Seeing Victor Matfield pop his head into the Sharks pre-lineout “Dinkskrum” to try and chivvy them up was a first for me. Seeing the clearly forward pass from Jesse Kriel to Fancois Hougaard being deemed as fine by TMO Johan Greeff rendered me eye poppingly incredulous.
But it was a look at the astonishing stats from Friday night’s Cheetahs v Blues game on the Vodacom Rugby app that delivered the biggest bruise to the jaw given how hard it hit the floor.
How the Cheetahs managed to burgle a win from the travelling Blues, who enjoyed a monster 78% of the territory and a chunky 69% of the possession, is beyond me!
And it was not really about the kicking this time round. The home side kicked 26 times from hand in comparison with the 23 from the Blues, but that is where the similarity ends. The Cheetahs ran 256 metres to the 519 from the Blues, made 3 clean breaks compared to 14 from the Blues, made 53 carries to 129 from the visitors, beat just 8 defenders to the 31 from the Blues, made 59 passes to the 177 from the Blues, and snuck in 7 offloads to the 20 made by the visitors.
The Cheetahs were forced to make 143 tackles to the paltry 43 from the Blues. They missed a monster 31 tackles to the minimal 8 from the Blues, knocked the ball on 6 more times, and made 6 more handling errors.
Yet won the game!
Current Sharks director of rugby, Gary Gold, was the first to tell me at a mutual acquaintance’s evening braai, and then current SARU minister of coaching, Rassie Erasmus, reinforced it at an informal session with the media just after Heyneke Meyer took the job…
You win rugby games not by keeping the ball and playing all the rugby… Instead you win them by giving the opposition the ball and allowing them to make the mistakes.
And it’s true. How bloody sad is that?
It does come down to execution, though. Something the Blues just did not pack for their trip to Africa. And where on the field you choose to strut your stuff. Ball in hand from your tryline - not so clever. Ball in hand after a forced turnover from a well followed up kick to put you in the opposition 22 - much smarter.
And that is what the Chiefs and Hurricanes seem to be getting right, even if only to be the exception that proves the rule.
There were 20 kicks from hand by each of the Chiefs and Crusaders in their game on Saturday morning. The Chiefs ran 402 metres to the 320 of the Crusaders, though, made 2 more clean breaks, 15 more carries, beat 6 more defenders, and with a whopping 25 off-loads, made 17 more than the Crusaders.
That is just wonderful rugby!
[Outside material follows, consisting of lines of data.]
(* Let $n\geqslant 3$, let $D=\{x,y,e_2,\ldots,e_{n-1}\}$ and let $V$ be the set of monoid relations on $D$: (V1) $e_i^2=e_i$ for $2\leqslant i\leqslant n-1$; (V2) $xyx=x$ and $yxy=y$; (V3) $yx^2y=xy^2x$; (V4) $e_ie_j=e_je_i$ for $2\leqslant i<j\leqslant n-1$; (V5) $xye_i=e_ixy$ and $yxe_i=e_iyx$ for $2\leqslant i\leqslant n-1$; (V6) $xe_{i+1}=e_ix$ for $2\leqslant i\leqslant n-2$; (V7) $x^2y=e_{n-1}x$ and $yx^2=xe_2$; (V8) $yxe_2\cdots e_{n-1}xy=xe_2\cdots e_{n-1}xy$. Then $\langle D\mid V\rangle$ is a monoid presentation of $\mathcal{OCI}_n$ (with respect to the map sending each letter to the transformation of the same name). It has $n$ generators and $\frac12(n^2+3n)$ relations.
   Context: Let $\Omega_n=\{1<\cdots<n\}$, $\mathcal{I}_n$ the symmetric inverse monoid on $\Omega_n$ (maps on the right, composed left to right). $g$ is the permutation $ig=i+1$ ($1\leqslant i\leqslant n-1$), $ng=1$; $\mathcal{C}_n=\{1,g,\ldots,g^{n-1}\}$; $\mathcal{CI}_n=\{\alpha\in\mathcal{I}_n\mid \alpha=\sigma|_{\mathrm{Dom}(\alpha)}\text{ for some }\sigma\in\mathcal{C}_n\}$; $\mathcal{OCI}_n$ is the submonoid of order-preserving elements of $\mathcal{CI}_n$. $e_i$ is the partial identity on $\Omega_n\setminus\{i\}$; $x$ has domain $\{1,\ldots,n-1\}$ with $ix=i+1$; $y=x^{-1}$ has domain $\{2,\ldots,n\}$ with $iy=i-1$. A presentation $\langle D\mid V\rangle$ defines $M$ via an injective map $D\to M$ whose image generates $M$ if the kernel of the induced homomorphism $D^*\to M$ is the smallest congruence on $D^*$ containing $V$. *)

From HB Require Import structures.
From mathcomp Require Import all_boot.
Set Implicit Arguments. Unset Strict Implicit. Unset Printing Implicit Defensive.

(* Omega_n = {1 < ... < n} is represented by 'I_n, the ordinal k standing for
   the point k+1.  A partial transformation of Omega_n is a finite function
   'I_n -> option 'I_n (None = undefined). *)
Definition ptrans (n : nat) := {ffun 'I_n -> option 'I_n}.

Definition in_dom n (a : ptrans n) (i : 'I_n) := a i != None.

Definition is_pinj n (a : ptrans n) :=
  forall i j : 'I_n, in_dom a i -> a i = a j -> i = j.

(* maps on the right, composed left to right: i (a b) = (i a) b *)
Definition pcomp n (a b : ptrans n) : ptrans n := [ffun i => obind b (a i)].
Definition pid n : ptrans n := [ffun i => Some i].

(* the permutation g^k : i |-> i + k (mod n) (same formula 0- or 1-based) *)
Definition gpow n (k : nat) (i : 'I_n) : nat := (val i + k) %% n.

Definition in_CI n (a : ptrans n) :=
  exists2 k, k < n &
    forall i : 'I_n, in_dom a i -> omap val (a i) = Some (gpow k i).

Definition order_preserving n (a : ptrans n) :=
  forall (i j : 'I_n) (ai aj : 'I_n),
    val i < val j -> a i = Some ai -> a j = Some aj -> val ai < val aj.

Definition in_OCI n (a : ptrans n) := in_CI a /\ order_preserving a.

(* the generators; e_ i is indexed as in the paper (1-based label i),
   i.e. the partial identity on Omega_n \ {i}. *)
Definition e_ n (i : nat) : ptrans n :=
  [ffun k : 'I_n => if (val k).+1 == i then None else Some k].
Definition x_ n : ptrans n := [ffun k : 'I_n => insub (val k).+1].
Definition y_ n : ptrans n :=
  [ffun k : 'I_n => if val k == 0 then None else insub (val k).-1].

Inductive letter := LX | LY | LE of nat.

Definition letter_eqb (a b : letter) : bool :=
  match a, b with
  | LX, LX => true | LY, LY => true | LE i, LE j => i == j | _, _ => false end.
Lemma letter_eqP : Equality.axiom letter_eqb.
Proof.
by case=> [||i] [||j] /=; try constructor => //; apply: (iffP eqP) => [->|[]].
Qed.
HB.instance Definition _ := hasDecEq.Build letter letter_eqP.

Definition es (n : nat) : seq letter := [seq LE i | i <- iota 2 (n - 2)].
Definition D (n : nat) : seq letter := [:: LX; LY] ++ es n.

Definition eval_letter n (l : letter) : ptrans n :=
  match l with LX => x_ n | LY => y_ n | LE i => e_ n i end.

Definition eval_word n (w : seq letter) : ptrans n :=
  foldl (fun acc l => pcomp acc (eval_letter n l)) (pid n) w.

Definition V (n : nat) : seq (seq letter * seq letter) :=
  [seq ([:: LE i; LE i], [:: LE i]) | i <- iota 2 (n - 2)] ++
  [:: ([:: LX; LY; LX], [:: LX]); ([:: LY; LX; LY], [:: LY])] ++
  [:: ([:: LY; LX; LX; LY], [:: LX; LY; LY; LX])] ++
  [seq ([:: LE i; LE j], [:: LE j; LE i])
              | i <- iota 2 (n - 2), j <- iota i.+1 (n.-1 - i)] ++
  flatten [seq [:: ([:: LX; LY; LE i], [:: LE i; LX; LY]);
                           ([:: LY; LX; LE i], [:: LE i; LY; LX])]
                    | i <- iota 2 (n - 2)] ++
  [seq ([:: LX; LE i.+1], [:: LE i; LX]) | i <- iota 2 (n - 3)] ++
  [:: ([:: LX; LX; LY], [:: LE n.-1; LX]); ([:: LY; LX; LX], [:: LX; LE 2])] ++
  [:: ([:: LY; LX] ++ es n ++ [:: LX; LY], [:: LX] ++ es n ++ [:: LX; LY])].

Inductive congr (R : seq (seq letter * seq letter)) : seq letter -> seq letter -> Prop :=
| congr_refl w : congr R w w
| congr_sym u v : congr R u v -> congr R v u
| congr_trans u v w : congr R u v -> congr R v w -> congr R u w
| congr_rel p q u v : (u, v) \in R -> congr R (p ++ u ++ q) (p ++ v ++ q).

From mathcomp Require Import all_boot zify.
From Stdlib Require Import Setoid Morphisms.
Set Implicit Arguments. Unset Strict Implicit. Unset Printing Implicit Defensive.

(* Order preservation forbids an element of OCI_n to wrap around, so it is a
   shift k |-> k + m or k |-> k - m restricted to the complement of a set S of
   "holes".  Put e_1 := yx and e_n := xy.  Relations V1-V7 make e_1, ..., e_n
   commuting idempotents which x and y move along (x e_(i+1) = e_i x), so every
   word is equivalent to a normal form (prod_(i in S) e_i) x^m or
   (prod_(i in S) e_i) y^m.  Two normal forms with the same action are
   equivalent: the points not mapped by the shift may be added to S for free,
   after which S is the complement of the domain and, when the domain is not
   empty, the shift is determined by any defined point.  When the domain is
   empty, the product e_1 ... e_n absorbs x and y, and this is what V8 says. *)

Section Congruence.

Variable R : seq (seq letter * seq letter).

Lemma congr_ctx p q u v : congr R u v -> congr R (p ++ u ++ q) (p ++ v ++ q).
Proof.
elim=> {u v} [w|u v _|u v w _ IHuv _ IHvw|p' q' u v uv_R].
- exact: congr_refl.
- exact: congr_sym.
- exact: congr_trans IHuv IHvw.
- by have := congr_rel (p ++ p') (q' ++ q) uv_R; rewrite -!catA.
Qed.

Lemma congr_of_rel u v : (u, v) \in R -> congr R u v.
Proof. by move/(congr_rel [::] [::]); rewrite /= !cats0. Qed.

End Congruence.

#[local] Hint Resolve congr_refl : core.

Add Parametric Relation R : (seq letter) (congr R)
  reflexivity proved by (@congr_refl R)
  symmetry proved by (@congr_sym R)
  transitivity proved by (@congr_trans R) as congr_equivalence.

Add Parametric Morphism R : (@cat letter) with signature
  congr R ==> congr R ==> congr R as cat_congr.
Proof.
move=> u u' Hu v v' Hv; apply: (congr_trans (v := u' ++ v)).
- exact: (congr_ctx [::] v Hu).
- by have := congr_ctx u' [::] Hv; rewrite !cats0.
Qed.

Lemma iota_rcons m c : iota m c.+1 = iota m c ++ [:: m + c].
Proof. by rewrite -[c.+1]addn1 iotaD. Qed.

Lemma modn_subn k d : d <= k < d + d -> k %% d = k - d.
Proof.
by move=> /andP[le_dk lt_k]; rewrite -{1}(subnK le_dk) modnDr modn_small //; lia.
Qed.

Lemma sumn_countdown a c : sumn [seq a + c - i.+1 | i <- iota a c] * 2 = c * c.-1.
Proof.
elim: c a => [|c IH] a //=.
by rewrite -[a + c.+1]addSnnS mulnDl IH; case: c {IH} => [|c] /=; nia.
Qed.

Lemma size_flatten_pairs (T : Type) (f g : nat -> T) s :
  size (flatten [seq [:: f i; g i] | i <- s]) = (size s).*2.
Proof. by elim: s => //= i s ->; rewrite doubleS. Qed.

Section Presentation.

Variable n : nat.
Hypothesis n_gt2 : 2 < n.

(** * The action on points *)

Definition act_letter (l : letter) (o : option nat) : option nat :=
  if o is Some i then
    match l with
    | LX => if i.+1 < n then Some i.+1 else None
    | LY => if i == 0 then None else Some i.-1
    | LE j => if i.+1 == j then None else Some i
    end
  else None.

Definition act_word (w : seq letter) (o : option nat) : option nat :=
  foldl (fun o l => act_letter l o) o w.

Lemma act_word_cat u v o : act_word (u ++ v) o = act_word v (act_word u o).
Proof. exact: foldl_cat. Qed.

Lemma act_word_None w : act_word w None = None.
Proof. by elim: w. Qed.

Lemma eval_letterE l (k : 'I_n) :
  omap val (eval_letter n l k) = act_letter l (Some (val k)).
Proof.
case: l => [||j] /=; rewrite ffunE.
- by case: insubP => [u Hu /= ->|/negbTE ->]; rewrite ?Hu.
- case: eqP => //= _; have := ltn_ord k.
  by case: insubP => [u Hu /= ->|/negbTE] //; lia.
- by case: eqP.
Qed.

Lemma eval_wordE w (k : 'I_n) :
  omap val (eval_word n w k) = act_word w (Some (val k)).
Proof.
elim/last_ind: w => [|w l IH]; first by rewrite /eval_word /= ffunE.
rewrite /eval_word /act_word !foldl_rcons -/(eval_word n w) -/(act_word w _).
by rewrite ffunE -IH; case: (eval_word n w k) => //= j; rewrite eval_letterE.
Qed.

Lemma act_word_lt w i j : i < n -> act_word w (Some i) = Some j -> j < n.
Proof.
move=> lt_in; rewrite -[i]/(val (Ordinal lt_in)) -eval_wordE.
by case: (eval_word _ _ _) => //= k [<-].
Qed.

Lemma eval_word_eq u v :
  eval_word n u = eval_word n v <->
  (forall i, i < n -> act_word u (Some i) = act_word v (Some i)).
Proof.
split=> [Euv i lt_in | Euv].
  by rewrite -[i]/(val (Ordinal lt_in)) -!eval_wordE Euv.
apply/ffunP => k; apply: (inj_omap val_inj).
by rewrite !eval_wordE; exact: Euv (ltn_ord k).
Qed.
(* Let $N$ be a positive integer. Let $\pi: A\to B$ be a surjective map between nonempty finite sets and let $\mathfrak s$ be a section of $\pi$. Let $\mu$ and $\rho$ be two probability measures on $\{0,1,\dots,N\}^A$. Assume that $\mu$ is a $\pi$-lift and that the following two conditions hold: (A) Let $Z$ be a $\rho$-distributed random variable. For every $b\in B$, let $W_b:=(Z_c : c\in A,\ \pi(c)\neq b)$. For every $b\in B$, every $a\in\pi^{-1}(\{b\})$ and every event $H\in \sigma(W_b)$ of positive probability, the conditional distribution of $Z_{\mathfrak s(b)}$ given $H$ is stochastically dominated by the conditional distribution of $Z_a$ given $H$. (B) Let $Y$ be a $\mu$-distributed random variable, let $X_b:=\max_{a\in \pi^{-1}(\{b\})}Y_a$ for $b\in B$, and let $Y'_a:=X_{\pi(a)}\,\mathbf{1}_{\mathfrak s(\pi(a))=a}$ for $a\in A$. Then the distribution of $Y'$ is stochastically dominated by $\rho$. Then $\mu$ is stochastically dominated by $\rho$.
   Context: $\{0,1,\dots,N\}^A$ carries the product order. A section of $\pi$ is a map $s:B\to A$ with $\pi\circ s=\mathrm{id}_B$. A probability measure $\mu$ on $\{0,\dots,N\}^A$ is a $\pi$-lift if for $\mu$-almost every $x$, for every $b\in B$, at most one $a\in\pi^{-1}(\{b\})$ satisfies $x_a\neq0$. Stochastic domination of $\mu$ by $\nu$ means there exist $X\sim\mu$, $Y\sim\nu$ on a common probability space with $X\le Y$ almost surely. *)

From HB Require Import structures.
From mathcomp Require Import all_boot all_order all_algebra.
From mathcomp Require Import reals.
Set Implicit Arguments. Unset Strict Implicit. Unset Printing Implicit Defensive.
Import Order.TTheory GRing.Theory Num.Theory.
Local Open Scope ring_scope.

Definition is_prob {R : realType} {T : finType} (p : {ffun T -> R}) : Prop :=
  (forall x, 0 <= p x) /\ \sum_(x : T) p x = 1.

(* Stochastic domination of mu by nu w.r.t. an order le on a finite type:
   existence of a coupling (a joint law of (X,Y), i.e. X ~ mu, Y ~ nu on a
   common probability space) supported on {le X Y}. *)
Definition stoch_dom {R : realType} {T : finType} (le : rel T)
    (mu nu : {ffun T -> R}) : Prop :=
  exists q : {ffun T * T -> R},
    [/\ forall z, 0 <= q z,
        forall x, \sum_(y : T) q (x, y) = mu x,
        forall y, \sum_(x : T) q (x, y) = nu y &
        forall x y, 0 < q (x, y) -> le x y].

Definition config (N : nat) (A : finType) := {ffun A -> 'I_N.+1}.
Definition le_ord (N : nat) : rel 'I_N.+1 := fun i j => (i <= j)%N.
Definition le_config (N : nat) (A : finType) : rel (config N A) :=
  fun x y => [forall a, (x a <= y a)%N].

Definition prob_of {R : realType} {T : finType} (p : {ffun T -> R})
  (H : {pred T}) : R := \sum_(x | x \in H) p x.

Definition pushforward {R : realType} {T U : finType} (p : {ffun T -> R})
  (f : T -> U) : {ffun U -> R} := [ffun u => \sum_(x | f x == u) p x].

Definition cond_law {R : realType} {T U : finType} (p : {ffun T -> R})
  (H : {pred T}) (f : T -> U) : {ffun U -> R} :=
  [ffun u => (\sum_(x | (x \in H) && (f x == u)) p x) / prob_of p H].

(* H belongs to sigma(W_b), W_b = (Z_c : pi c != b): membership in H only
   depends on the coordinates outside pi^{-1}(b). *)
Definition measurable_outside (N : nat) (A B : finType) (pi : A -> B) (b : B)
  (H : {pred config N A}) : Prop :=
  forall x y : config N A, (forall c, pi c != b -> x c = y c) ->
    (x \in H) = (y \in H).

Definition is_pi_lift {R : realType} (N : nat) (A B : finType) (pi : A -> B)
  (mu : {ffun config N A -> R}) : Prop :=
  forall x : config N A, 0 < mu x ->
    forall a a' : A, pi a = pi a' -> x a != ord0 -> x a' != ord0 -> a = a'.

Definition block_max (N : nat) (A B : finType) (pi : A -> B)
  (y : config N A) (b : B) : 'I_N.+1 :=
  inord (\max_(a | pi a == b) (y a : nat)).

Definition compress (N : nat) (A B : finType) (pi : A -> B) (s : B -> A)
  (y : config N A) : config N A :=
  [ffun a => if s (pi a) == a then block_max pi y (pi a) else ord0].

From HB Require Import structures.
From mathcomp Require Import all_boot all_order all_algebra.
From mathcomp Require Import reals.
Set Implicit Arguments. Unset Strict Implicit. Unset Printing Implicit Defensive.
Import Order.TTheory GRing.Theory Num.Theory.
Local Open Scope ring_scope.

(* Domination of mu by rho amounts, by Strassen's theorem, to the bounds
   mu(U) <= rho(U) for all up-sets U; on a finite space Strassen's theorem
   follows from Hall's condition, by moving as much mass as possible along
   an edge and splitting the problem along a set that becomes tight.
   Fix an up-set U and compress the blocks pi^{-1}(b) one at a time onto the
   sites s b.  Since mu-almost every configuration has at most one nonzero
   site per block, compressing one more block b maps the event {y in U}
   into the event that block b can be decompressed back into U, and by (A),
   applied on the atoms of sigma(W_b), that event has rho-mass at most
   rho(U).  Once every block is compressed, (B) bounds the mass by rho(U). *)

Lemma bigmin_attained (d : Order.disp_t) (X : orderType d) (I : finType)
    (P : pred I) (F : I -> X) (x : X) :
  let m := \big[Order.min/x]_(i | P i) F i in m = x \/ exists2 i, P i & m = F i.
Proof.
apply: (big_rec (fun m => m = x \/ exists2 i, P i & m = F i)); first by left.
by move=> i m Pi IHm; case: (leP (F i) m) => _ //; right; exists i.
Qed.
Obviously made possible by the fact that the Chiefs have the likes of Tom Marshall, Hosea Gear, Charlie Ngatai, Sonny Bill Williams, James Lowe and Aaron Cruden out wide.
So what happens when your players stocks are not quite that talented?
Then you make like the Stormers of 2012 and kick for the corner in order to score tries from the resultant legalised obstruction that is the driving maul. One cannot really argue the above “play without the ball” stats and the fact that the Cape side topped the log that year with 14 wins from 16 games.
And with 3 wins from 3 games this year, yet not even close to topping any of the team attacking stats (their best is 5th on the clean breaks list with 18 to the Blues table topping 27), perhaps last year’s hint of a ball in hand game is going to remain just that - a hint.
But that game annoyed their fans hugely, and did not exactly work in the playoffs!